Jean le Clerc attaque le jugement et la véracité de saint Augustin, par rapport aux miracles qu'il rapporte comme ayant été opérés par l'intercession de saint Étienne. Il est bien singulier qu'une telle découverte ait été réservée à ce nouveau maître dans l'art de la critique. Mais les chrétiens souffriront-ils que l'on traduise les plus savants et les plus saints docteurs de l'Eglise comme des fourbes et des imposteurs ? et consentiront-ils que l'on range le reste des fidèles dans la classe des imbéciles ? Les miracles en question sont attestés non-seulement par saint Augustin, mais encore par Possidius, par Evode et par plusieurs auteurs. Il faut encore observer qu'il y avait alors en Afrique un grand nombre d'hommes recommandables par leurs lumières et leur pénétration, qui sans doute examinèrent les faits et ne les admirent qu'après en avoir reconnu la vérité. Mais supposons que les catholiques fussent assez simples pour s'en laisser imposer par leurs évêques, pouvait-on également tromper leurs ennemis qui épiaient leurs actions avec tant de malignité ? Les miracles dont il s'agit s'opérèrent dans un temps où il y avait en Afrique beaucoup de Manichéens, de Donatistes et d'Ariens. Trouve-t-on cependant la moindre trace de réclamation de la part de ces hérétiques et des païens ?
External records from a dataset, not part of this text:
Lemma pow2_partition_split s : sorted leq s -> all (fun p => 0 < p) s -> all is_pow2 s ->
  s = nseq (count_mem 1 s) 1 ++ map double (map half [seq x <- s | 1 < x]).
Proof.
move=> s_sorted s_gt0 s_pow2; rewrite {1}(sorted_ones_split s_sorted s_gt0); congr cat.
rewrite -map_comp map_id_in // => x; rewrite mem_filter => /andP[x_gt1 x_s] /=.
by rewrite even_halfK // is_pow2_even ?(allP s_pow2).
Qed.

Lemma pow2_special_rec n : 0 < n -> num_partitions pow2_special n =
  \sum_(m < n./2.+1) num_partitions pow2_special m - ~~ odd n.
Proof.
move=> n_gt0.
have keep_glue t : (sumn t).*2 <= n -> is_partition (sumn t) t ->
    ((0 < n - (sumn t).*2) || (1 < last 0 t)) = (((sumn t).*2 < n) || (t != nseq n./2 1)).
  move=> t_le t_part; rewrite subn_gt0; case: (ltnP (sumn t).*2 n) => //= t_ge.
  by rewrite (_ : n./2 = sumn t) ?partition_ones // -?ltnNge //; lia.
apply: (num_partitions_halving (glue := fun t => nseq (n - (sumn t).*2) 1 ++ map double t)
                               (excl := nseq n./2 1)).
- by move=> m s /and3P[].
- move=> _; rewrite /pow2_special /is_partition -[nseq _ 1]cats0 sorted_ones_cat // cats0.
  by rewrite !all_nseq sumn_nseq mul1n eqxx !orbT.
- move=> t t' /[dup] /(congr1 (count_mem 1)); rewrite !count_mem1_glue => ->.
  by move/eqP; rewrite eqseq_cat // eqxx => /eqP/(inj_map double_inj).
- move=> t t_le t_special keep_t; have /and3P[t_part _ _] := t_special.
  by rewrite -{1}(subnK t_le) pow2_special_glue ?subnK // t_special keep_glue.
move=> s s_special; have /and3P[/and3P[s_sorted s_gt0 /eqP s_sum] s_pow2 _] := s_special.
set t := map half [seq x <- s | 1 < x].
have s_split := pow2_partition_split s_sorted s_gt0 s_pow2.
have n_split : n = count_mem 1 s + (sumn t).*2.
  by rewrite -s_sum {1}s_split sumn_cat sumn_nseq mul1n sumn_map_double.
have : pow2_special (count_mem 1 s + (sumn t).*2) (nseq (count_mem 1 s) 1 ++ map double t).
  by rewrite -n_split -s_split.
rewrite pow2_special_glue -?n_split // => /andP[t_special keep_t].
have /and3P[t_part _ _] := t_special.
have t_le : (sumn t).*2 <= n by rewrite n_split leq_addl.
exists t; last by rewrite {1}s_split {1}n_split addnK.
by rewrite t_le t_special -keep_glue // {1}n_split addnK.
Qed.
Lemma norm_Tsub_taylor_le (x : E) t : gen_dom T j x -> gen_dom T j (gen T j x) ->
  0 <= t -> `|Tsub T j t x - x - t *: gen T j x| <= t ^+ 2 * `|gen T j (gen T j x)|.
Proof.
move=> Dx DAx; rewrite le0r => /orP[/eqP->|t0].
  by rewrite Tsub0 subrr scale0r subr0 normr0 expr0n mul0r.
apply/ler_addgt0Pr => e e0; set y := gen T j x.
have [n n0] := gen_dom_mesh Dx t0 (divr_gt0 e0 t0); set h := t / n%:R => Ah.
have h0 : 0 < h by rewrite divr_gt0 ?ltr0n.
have tE : t = n%:R * h by rewrite mulrC divfK // pnatr_eq0 -lt0n.
have -> : Tsub T j t x - x - t *: y = \sum_(i < n)
    (Tsub T j (i%:R * h) (h *: (diffq T j x h - y)) + h *: (Tsub T j (i%:R * h) y - y)).
  rewrite [in Tsub T j t x]tE Tsub_telescope Tsub_subr_diffq ?gt_eqF //.
  have -> : t *: y = \sum_(i < n) h *: y.
    by rewrite sumr_const card_ord -scaler_nat scalerA -tE.
  rewrite -sumrB.
  by apply: eq_bigr => i _; rewrite scalerBr TsubB !TsubZ scalerBr addrA subrK.
apply: le_trans (ler_norm_sum _ _ _) _.
have term_le (i : 'I_n) : `|Tsub T j (i%:R * h) (h *: (diffq T j x h - y)) +
    h *: (Tsub T j (i%:R * h) y - y)| <= h * (e / t) + h * (t * `|gen T j y|).
  apply: le_trans (ler_normD _ _) _; apply: lerD.
    apply: le_trans (Tsub_contract _ _) _; rewrite normrZ gtr0_norm // distrC.
    by apply: ler_wpM2l; rewrite ltW.
  rewrite normrZ gtr0_norm //; apply: ler_wpM2l; first exact: ltW.
  apply: le_trans (norm_Tsub_subr_le DAx _) _; first exact: mulr_ge0 (ler0n _ _) (ltW h0).
  rewrite -/y; apply: ler_wpM2r => //; rewrite tE; apply: ler_wpM2r; first exact: ltW.
  by rewrite ler_nat ltnW.
apply: le_trans (ler_sum _ (fun i _ => term_le i)) _.
rewrite sumr_const card_ord -mulr_natl -mulrDr mulrA -tE mulrDr mulrCA divff ?lt0r_neq0 //.
by rewrite mulr1 mulrA -expr2 addrC.
Qed.

Lemma gen_landau (x : E) : gen_dom T j x -> gen_dom T j (gen T j x) ->
  `|gen T j x| ^+ 2 <= 8 * (`|x| * `|gen T j (gen T j x)|).
Proof.
move=> Dx DAx; rewrite (_ : 8 * _ = 4 * (2 * `|x| * `|gen T j (gen T j x)|)); last by ring.
apply: sqr_le_of_quadratic_bound; rewrite ?mulr_ge0 // => t t0.
have := ler_normD (Tsub T j t x - x - t *: gen T j x) (- (Tsub T j t x - x)).
rewrite addrC addKr normrN normrZ gtr0_norm // => /le_trans; apply.
rewrite addrC mulr2n mulrDl mul1r; apply: lerD; last exact: norm_Tsub_taylor_le (ltW t0).
by rewrite normrN; apply: le_trans (ler_normB _ _) _; rewrite lerD2r Tsub_contract.
Qed.
(* Let $G$ be a graph and let $A$ and $B$ be disjoint subsets of $V(G)$ such that every vertex of $A$ is adjacent in $G$ to every vertex of $B$. Let $P_A$ be a path in $G[A]$ and $P_B$ a path in $G[B]$, both non-empty. If \[|B\setminus V(P_B)|\le |A\setminus V(P_A)|\le |B|-1,\] then $G[A\cup B]$ has a cycle whose vertex set is $A\cup B$.
   Context: Paths may consist of a single vertex. A single vertex and a single edge are also considered to be cycles. *)

(* A (finite, simple) graph G is a symmetric irreflexive
   relation e on a finType T. *)
From mathcomp Require Import all_boot.
Set Implicit Arguments. Unset Strict Implicit. Unset Printing Implicit Defensive.

Definition is_path (T : eqType) (e : rel T) (p : seq T) : bool :=
  match p with
  | [::] => false
  | x :: q => path e x q && uniq p
  end.

(* By convention a single
   vertex and a single edge are also cycles (for [:: x; y], [cycle e] just
   asks e x y && e y x). *)
Definition is_cycle (T : eqType) (e : rel T) (c : seq T) : bool :=
  uniq c && ((size c == 1) || ((1 < size c) && cycle e c)).

(* Follow P_A, then the first m := |B| - |A \ V(P_A)| vertices of P_B, and
   then alternate between the remaining vertices of A and those of B: there
   are exactly as many left in each part.  The hypotheses say precisely that
   1 <= m <= |V(P_B)|, and since every A-vertex is adjacent to every B-vertex,
   every junction of the resulting sequence, including the closing edge back
   to the start of P_A, is an edge. *)
From mathcomp Require Import all_boot zify.
Set Implicit Arguments. Unset Strict Implicit. Unset Printing Implicit Defensive.

Definition interleave (T : Type) (xs ys : seq T) : seq T :=
  flatten [seq [:: z.1; z.2] | z <- zip xs ys].

Section Interleave.

Variable T : eqType.

Lemma interleave_cons (x y : T) (xs ys : seq T) :
  interleave (x :: xs) (y :: ys) = x :: y :: interleave xs ys.
Proof. by []. Qed.

Lemma perm_interleave (xs ys : seq T) :
  size xs = size ys -> perm_eq (interleave xs ys) (xs ++ ys).
Proof.
elim: xs ys => [|x xs IH] [|y ys] // [/IH eq_perm].
rewrite interleave_cons perm_cons perm_sym -(cat1s y ys) perm_catCA.
by rewrite perm_cons perm_sym.
Qed.

Lemma last_interleave (z : T) (xs ys : seq T) :
  size xs = size ys -> last z (interleave xs ys) = last z ys.
Proof.
by elim: xs ys z => [|x xs IH] [|y ys] z // [eq_size]; rewrite interleave_cons /= IH.
Qed.

Lemma path_interleave (e : rel T) (e_sym : symmetric e) (inA inB : pred T)
    (eAB : forall a b, inA a -> inB b -> e a b) (z : T) (xs ys : seq T) :
  inB z -> {subset xs <= inA} -> {subset ys <= inB} -> size xs = size ys ->
  path e z (interleave xs ys).
Proof.
elim: xs ys z => [|x xs IH] [|y ys] z // Bz sxs sys [eq_size].
have Ax := sxs x (mem_head _ _); have By := sys y (mem_head _ _).
rewrite interleave_cons /= e_sym !eAB //= IH // => [w wxs|w wys].
- by apply: sxs; rewrite inE wxs orbT.
- by apply: sys; rewrite inE wys orbT.
Qed.

Lemma perm_take_interleave (m : nat) (xs s : seq T) :
  size xs = size (drop m s) ->
  perm_eq (take m s ++ interleave xs (drop m s)) (xs ++ s).
Proof.
move=> /perm_interleave eq_perm.
rewrite -[in X in perm_eq _ X](cat_take_drop m s).
by rewrite perm_sym perm_catCA perm_cat2l perm_sym.
Qed.

Lemma cycle_cat_interleave (e : rel T) (e_sym : symmetric e)
    (inA inB : pred T) (eAB : forall a b, inA a -> inB b -> e a b)
    (a b : T) (p q xs ys : seq T) :
  path e a p -> {subset a :: p <= inA} ->
  path e b q -> {subset b :: q <= inB} ->
  {subset xs <= inA} -> {subset ys <= inB} -> size xs = size ys ->
  cycle e ((a :: p) ++ (b :: q) ++ interleave xs ys).
Proof.
move=> pp sp pq sq sxs sys eq_size.
have eBA c d : inA c -> inB d -> e d c by move=> Ac Bd; rewrite e_sym eAB.
have lastB : inB (last (last b q) ys).
  rewrite -last_cat; have := mem_last b (q ++ ys).
  by rewrite -cat_cons mem_cat => /orP[/sq|/sys].
rewrite /cycle /= rcons_cat cat_path pp /= rcons_cat cat_path pq rcons_path.
have Aa : inA a := sp a (mem_head a p).
have Alast : inA (last a p) := sp _ (mem_last a p).
have Bb : inB b := sq b (mem_head b q).
have Blast : inB (last b q) := sq _ (mem_last b q).
by rewrite last_interleave // eAB // eBA // (path_interleave e_sym eAB).
Qed.

End Interleave.

Definition extend_seq (T : finType) (A : {set T}) (p : seq T) : seq T :=
  p ++ enum (A :\: [set x in p]).

Section ExtendSeq.

Variables (T : finType) (A : {set T}) (p : seq T).
Hypotheses (p_uniq : uniq p) (pA : {subset p <= A}).

Lemma extend_seq_uniq : uniq (extend_seq A p).
Proof.
rewrite cat_uniq p_uniq enum_uniq andbT; apply/hasPn => x.
by rewrite mem_enum !inE => /andP[].
Qed.

Lemma mem_extend_seq : extend_seq A p =i A.
Proof.
move=> x; rewrite mem_cat mem_enum !inE.
by case: (boolP (x \in p)) => [/pA|].
Qed.

Lemma size_extend_seq : size (extend_seq A p) = #|A|.
Proof. by rewrite -(card_uniqP extend_seq_uniq); exact: eq_card mem_extend_seq. Qed.

End ExtendSeq.

Lemma disjoint_uniq_cat (T : finType) (A B : {set T}) (s1 s2 : seq T) :
  [disjoint A & B] -> s1 =i A -> s2 =i B -> uniq s1 -> uniq s2 -> uniq (s1 ++ s2).
Proof.
move=> dAB s1A s2B u1 u2; rewrite cat_uniq u1 u2 andbT; apply/hasPn=> x.
rewrite s2B => xB; apply/negP=> xs1; have xA : x \in A by rewrite -s1A.
by move: (disjointFr dAB xA); rewrite xB.
Qed.

Lemma cycle_is_cycle (T : eqType) (e : rel T) (c : seq T) :
  uniq c -> 1 < size c -> cycle e c -> is_cycle e c.
Proof. by rewrite /is_cycle => -> -> ->; rewrite orbT. Qed.

Theorem lemma3p3 (T : finType) (e : rel T)
    (e_sym : symmetric e) (e_irr : irreflexive e)
    (A B : {set T})
    (hAB : [disjoint A & B])
    (hcomplete : forall a b, a \in A -> b \in B -> e a b)
    (PA PB : seq T)
    (hPA : is_path e PA) (hPAin : {subset PA <= A})
    (hPB : is_path e PB) (hPBin : {subset PB <= B})
    (h1 : #|B :\: [set x in PB]| <= #|A :\: [set x in PA]|)
    (h2 : #|A :\: [set x in PA]| <= #|B| - 1) :
  exists c : seq T, is_cycle e c /\ {subset c <= A :|: B} /\ [set x in c] = A :|: B.
Proof.
case: PA hPA hPAin h1 h2 => [|a pa] // /andP[pa_path pa_uniq] paA.
case: PB hPB hPBin => [|b pb] // /andP[pb_path pb_uniq] pbB h1 h2.
set xs := enum (A :\: [set x in a :: pa]); set sB := extend_seq B (b :: pb).
have size_xs : size xs = #|A :\: [set x in a :: pa]| by rewrite cardE.
have size_sB : (size pb).+1 + #|B :\: [set x in b :: pb]| = #|B|.
  by rewrite -(size_extend_seq pb_uniq pbB) size_cat cardE.
set m := #|B| - size xs.
have m_gt0 : 0 < m by rewrite /m; lia.
have take_sB : take m sB = b :: take m.-1 pb.
  rewrite takel_cat; last by rewrite /m /=; lia.
  by rewrite -[in take m _](prednK m_gt0).
have size_drop_sB : size xs = size (drop m sB).
  by rewrite size_drop size_extend_seq // /m; lia.
set c := (a :: pa) ++ take m sB ++ interleave xs (drop m sB).
have perm_c : perm_eq c (extend_seq A (a :: pa) ++ sB).
  by rewrite /c /extend_seq -catA perm_cat2l perm_take_interleave.
have mem_c : c =i A :|: B.
  by move=> x; rewrite (perm_mem perm_c) mem_cat !mem_extend_seq // inE.
exists c; split; last first.
  by split=> [x|]; [rewrite mem_c | apply/setP=> x; rewrite inE mem_c].
apply: cycle_is_cycle.
- rewrite (perm_uniq perm_c).
  by apply: (disjoint_uniq_cat hAB (mem_extend_seq paA) (mem_extend_seq pbB));
    apply: extend_seq_uniq.
- by rewrite /c take_sB size_cat /= addnS.
rewrite /c take_sB.
apply: (cycle_cat_interleave e_sym (inA := [in A]) (inB := [in B])) => //.
- exact: take_path.
- by move=> x; rewrite -take_sB => /mem_take; rewrite mem_extend_seq.
- by move=> x; rewrite mem_enum inE => /andP[].
- by move=> x /mem_drop; rewrite mem_extend_seq.
Qed.
Lemma rlim_plus F G a b : rlim F a -> rlim G b -> rlim (fun h => F h + G h) (a + b).
Proof. rewrite !rlim_limit1_in. apply limit_plus. Qed.

Lemma rlim_mult F G a b : rlim F a -> rlim G b -> rlim (fun h => F h * G h) (a * b).
Proof. rewrite !rlim_limit1_in. apply limit_mul. Qed.

Lemma rlim_const c : rlim (fun _ => c) c.
Proof.
  intros eps He. exists 1; split; [lra|]. intros.
  rewrite Rminus_diag, Rabs_R0. exact He.
Qed.

Lemma rlim_id : rlim (fun h => h) 0.
Proof.
  intros eps He. exists eps; split; [exact He|]. intros h Hh.
  rewrite Rminus_0_r, Rabs_right; lra.
Qed.

Lemma rlim_unique F a b : rlim F a -> rlim F b -> a = b.
Proof.
  rewrite !rlim_limit1_in. apply single_limit.
  intros eps Heps. exists (eps / 2). split; [lra|].
  unfold Rdist. rewrite Rminus_0_r, Rabs_right; lra.
Qed.

Lemma rlim_eq F a b : rlim F a -> a = b -> rlim F b.
Proof. intros H <-; exact H. Qed.

Lemma rlim_local F G L r : 0 < r -> (forall h, 0 < h < r -> F h = G h) ->
  rlim F L -> rlim G L.
Proof.
  intros Hr He H eps Heps. destruct (H eps Heps) as [del [Hd H']].
  exists (Rmin del r). split; [apply Rmin_pos; lra|]. intros h Hh.
  pose proof (Rmin_l del r); pose proof (Rmin_r del r).
  rewrite <- He by lra. apply H'. lra.
Qed.

Lemma dpl_right_deriv f x l : derivable_pt_lim f x l -> right_deriv f x l.
Proof.
  intros H eps Heps. destruct (H eps Heps) as [del Hd]. exists del.
  split; [apply cond_pos|]. intros h Hh. apply Hd; [lra|]. rewrite Rabs_right; lra.
Qed.

Lemma right_deriv_cont f x l : right_deriv f x l -> rlim (fun h => f (x + h)) (f x).
Proof.
  intros H. apply (rlim_local (fun h => f x + h * ((f (x + h) - f x) / h)) _ _ 1); [lra| |].
  - intros h Hh. field. lra.
  - apply (rlim_eq _ (f x + 0 * l)); [|ring].
    apply rlim_plus; [apply rlim_const|apply rlim_mult; [apply rlim_id|exact H]].
Qed.

Lemma right_deriv_pos_near f x l : right_deriv f x l -> 0 < f x ->
  exists r, 0 < r /\ forall h, 0 < h < r -> 0 < f (x + h).
Proof.
  intros H Hpos. destruct (right_deriv_cont f x l H (f x) Hpos) as [r [Hr Hnear]].
  exists r; split; [exact Hr|]. intros h Hh.
  specialize (Hnear h Hh). apply Rabs_def2 in Hnear. lra.
Qed.

Lemma right_deriv_local_unique f g x a b r : 0 < r -> f x = g x ->
  (forall h, 0 < h < r -> f (x + h) = g (x + h)) ->
  right_deriv f x a -> right_deriv g x b -> a = b.
Proof.
  intros Hr H0 He Hf Hg. apply (rlim_unique (fun h => (g (x + h) - g x) / h)); [|exact Hg].
  apply (rlim_local (fun h => (f (x + h) - f x) / h) _ _ r Hr); [|exact Hf].
  intros h Hh. rewrite H0, He by exact Hh. reflexivity.
Qed.

Lemma right_deriv_const c x : right_deriv (fun _ => c) x 0.
Proof.
  apply (rlim_local (fun _ => 0) _ _ 1); [lra| |apply rlim_const].
  intros h Hh. field. lra.
Qed.

Lemma right_deriv_plus f1 f2 x a b : right_deriv f1 x a -> right_deriv f2 x b ->
  right_deriv (fun y => f1 y + f2 y) x (a + b).
Proof.
  intros H1 H2.
  apply (rlim_local (fun h => (f1 (x + h) - f1 x) / h + (f2 (x + h) - f2 x) / h) _ _ 1);
    [lra| |apply rlim_plus; assumption].
  intros h Hh. field. lra.
Qed.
Ce n'est point tout encore : il faudrait dire que les Pères de ce siècle se sont tous entendus pour tromper grossièrement les fidèles. Mais à qui persuadera-t-on la réalité d'une pareille conspiration ? Tous les âges suivants ont admiré dans ces célèbres docteurs, et surtout dans saint Augustin, un heureux assemblage de gravité, de sagesse, de sainteté, de jugement et de savoir. Le saint évêque d'Hippone s'est principalement distingué par son zèle à combattre le mensonge en toutes sortes de matières. Qu'on lise les ouvrages qu'il a laissés sur ce vice. Il prouve, contre les Priscillianistes, qu'il ne peut jamais être permis de faire le moindre mensonge de propos délibéré, fût-il question de sauver la vie à un homme, d'empêcher le mal, de procurer même le baptême à un enfant qui sans cela ne peut le recevoir, parce qu'il n'est point de circonstance où ce qui est essentiellement mal puisse devenir légitime. On voit que le mensonge est surtout criminel en matière de religion ; et s'il pouvait jamais devenir légitime, on ne devrait plus compter sur la sincérité de personne.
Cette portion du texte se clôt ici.